One of the key lessons I’ve learned is to pay attention to details and to be open to possibly being wrong. You can be wrong and maybe someone else’s opinion is right. You should listen to other people and see what they’re saying about the production and the music. Sometimes you get so close to a song that you can’t really hear it objectively. You just have to be really open and attentive. At the same time you must balance this with trust in your own instincts. You want to have you own heart felt in the music you produce and write.
Do you have your own studio?
Yes. I have two Sony DMXR 100 consoles linked together, just about every keyboard made, and a couple of really big Pro Tools rigs. We record primarily to Pro Tools.

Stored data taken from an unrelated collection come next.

Lemma inSV_D_bigU m (b : 'I_m -> pset X) A : (forall j, V (b j)) -> inSV V A ->
  inSV V (fun x => A x /\ ~ exists j, b j x).
Proof.
elim: m b A => [|m IHm] b A Vb SVA.
  by congr (inSV V _): SVA; apply: pset_ext => x; split=> [Ax|[]//]; split=> // -[[]].
have -> : (fun x => A x /\ ~ exists j, b j x) =
    fun x => psetD A (b ord0) x /\ ~ exists j, b (lift ord0 j) x.
  apply: pset_ext => x; split=> [[Ax nb]|[[Ax nb0] nb]].
    split; first by split=> // b0; apply: nb; exists ord0.
    by move=> [j bj]; apply: nb; exists (lift ord0 j).
  by split=> // -[j]; case: (unliftP ord0 j) => [j' ->|->]; [move=> bj; apply: nb; exists j'|].
by apply: IHm => [j|]; [exact: Vb|exact: inSV_DV].
Qed.

Lemma inSV_D A B : inSV V A -> inSV V B -> inSV V (psetD A B).
Proof.
move=> SVA [m [b [Vb [_ Bb]]]].
have -> : psetD A B = fun x => A x /\ ~ exists j, b j x.
  by apply: pset_ext => x; rewrite /psetD Bb.
exact: inSV_D_bigU.
Qed.

Lemma prering_SV_ring : SV_ring V.
Proof.
split=> [|A B SVA SVB]; first exact: inSV_V (proj1 preV).
have DU : psetU A B = psetU (psetD A B) B.
  by apply: pset_ext => x; rewrite /psetU /psetD; have [|] := classic (B x); tauto.
split; last exact: inSV_D.
by rewrite DU; apply: inSV_disjointU => // [|x [_ nB]//]; exact: inSV_D.
Qed.

End Prering.

Section RingRefinement.
Variables (X : Type) (V : pset X -> Prop).
Hypothesis ringV : SV_ring V.

Let ringU A B : inSV V A -> inSV V B -> inSV V (psetU A B).
Proof. by move=> SVA SVB; case: (proj2 ringV A B SVA SVB). Qed.

Let ringD A B : inSV V A -> inSV V B -> inSV V (psetD A B).
Proof. by move=> SVA SVB; case: (proj2 ringV A B SVA SVB). Qed.

Lemma inSV_bigU k (D : 'I_k -> pset X) :
  (forall i, inSV V (D i)) -> inSV V (fun x => exists i, D i x).
Proof.
elim: k D => [|k IHk] D SVD.
  by congr (inSV V _): (proj1 ringV); apply: pset_ext => x; split=> [[]|[[]]].
have -> : (fun x => exists i, D i x) = psetU (D ord0) (fun x => exists i, D (lift ord0 i) x).
  apply: pset_ext => x; split=> [[i]|[D0|[i Di]]]; last 2 first.
  - by exists ord0.
  - by exists (lift ord0 i).
  by case: (unliftP ord0 i) => [j ->|->] Dx; [right; exists j|left].
by apply: ringU => //; apply: IHk.
Qed.

Definition atom k (A : 'I_k -> pset X) (f : {ffun 'I_k -> bool}) : pset X :=
  fun x => (exists i, A i x) /\ forall i, A i x <-> f i.

Lemma inSV_atom k (A : 'I_k -> pset X) f :
  (forall i, inSV V (A i)) -> inSV V (atom A f).
Proof.
move=> SVA; pose U x := exists i, A i x.
pose D i := if f i then psetD U (A i) else A i.
have -> : atom A f = psetD U (fun x => exists i, D i x).
  apply: pset_ext => x; rewrite /atom /psetD /D; split=> [[Ux Af]|[Ux nD]].
    split=> // -[i]; case: (f i) (Af i) => Ai; last by move/Ai.
    by move=> [_]; apply; apply/Ai.
  split=> // i; case E: (f i); split=> //.
  - by move=> _; apply: NNPP => nA; apply: nD; exists i; rewrite E.
  - by move=> Ai; case: nD; exists i; rewrite E.
have SVU : inSV V U by apply: inSV_bigU.
apply: ringD => //; apply: inSV_bigU => i; rewrite /D.
by case: (f i) => //; apply: ringD.
Qed.

Lemma atom_disjoint k (A : 'I_k -> pset X) : disjoint_fam (atom A).
Proof.
move=> f g /eqP fg x [_ Af] [_ Ag]; apply: fg; apply/ffunP => i.
by apply/idP/idP => [/Af/Ag|/Ag/Af].
Qed.

Lemma atom_cover k (A : 'I_k -> pset X) i x :
  A i x -> exists2 f : {ffun 'I_k -> bool}, f i & atom A f x.
Proof.
move=> Aix; exists [ffun j => pmem (A j) x]; first by rewrite ffunE; apply/pmemP.
by split=> [|j]; [exists i | rewrite ffunE; split=> /pmemP].
Qed.

Lemma SV_ring_refinement : finite_refinement V.
Proof.
move=> k A VA.
have [t [B [c [VB DB Batom atomB]]]] :=
  inSV_disjoint_refinement (fun f => inSV_atom f (fun i => inSV_V (VA i))) (@atom_disjoint k A).
exists t, B; do 2!split=> //; move=> i; exists (fun j => c j i) => x; split.
  by move=> /atom_cover [f fi /atomB [j cj Bx]]; exists j; rewrite cj.
by move=> [j [cji /Batom [_ Ac]]]; apply/Ac.
Qed.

Do you accept unsolicited material?
Do you think contacting and sending demos to producers is a good tool for unsigned aspiring artists/songwriters?
Not as good as you would think because producers are really busy. But it depends who the producer is. If he’s not a songwriter as well, maybe. A lot of times it’s not the best way to be heard. It’s unfortunate. Producers don’t ignore people’s demos to be cruel; it’s just that you’re so busy with the projects you already have going. I think it’s probably better if you met them in person and played it.
Do you write specifically for artists or write in general?
We usually write specifically for artists. We do sometimes come up with a song out of the blue but we are in a position where we have to come up with a song for a particular artist.
What advice would you give aspiring songwriters in terms of songwriting itself?
I would say: write from the heart yet don’t try and reinvent the wheel. Make sure it’s original, but don’t try to get so far out with chords or words. That is if you’re trying to be a commercial songwriter. At the same time don’t try to be too contrived.
What do you think is important to think about when one goes into a co-writing situation?
You should definitely think about what you’re going to bring to the table. Think about what you can offer and what you can do to compliment what this person does. You can maybe have a few things prepared that are half done unless you’re a spontaneous writer. It’s important to compromise, but not to the point of compromising the integrity of the song.
You have your own publishing company, what led you to start that?
There was no need to start it until I had songs placed on commercial records. Once I had songs on records I started a publishing company to collect royalties.
Do you have a sub-publishing deal with a major publisher?
Yes, I’m currently with Sony ATV Music Publishing. The pros of that are that they can help you place your songs and they’ll give you an advance up front. They will of course administrate the publishing, which is something you won’t have time to do anyway. The cons… are that you’re giving away part of your publishing.
What has been the greatest moment of your music career so far?
The greatest moment of my music career so far is yet to come. So far I’ve been involved in three Grammies, but have never actually received one.
What do you see yourself doing in 5-10 years?
I think I’ll still be producing and writing. I hope that our record company is further along and that we’ll have hits with our record company.
If you could dramatically change some aspect of the music industry, what would you do?
I would have people search for REAL talent! We all know that there are some things out there that are a bit lacking. And at the same time there are people out there that are incredible. It’s a tough job because real stars are really hard to find. Now that I have a record company I can see what labels go through to find the real deal.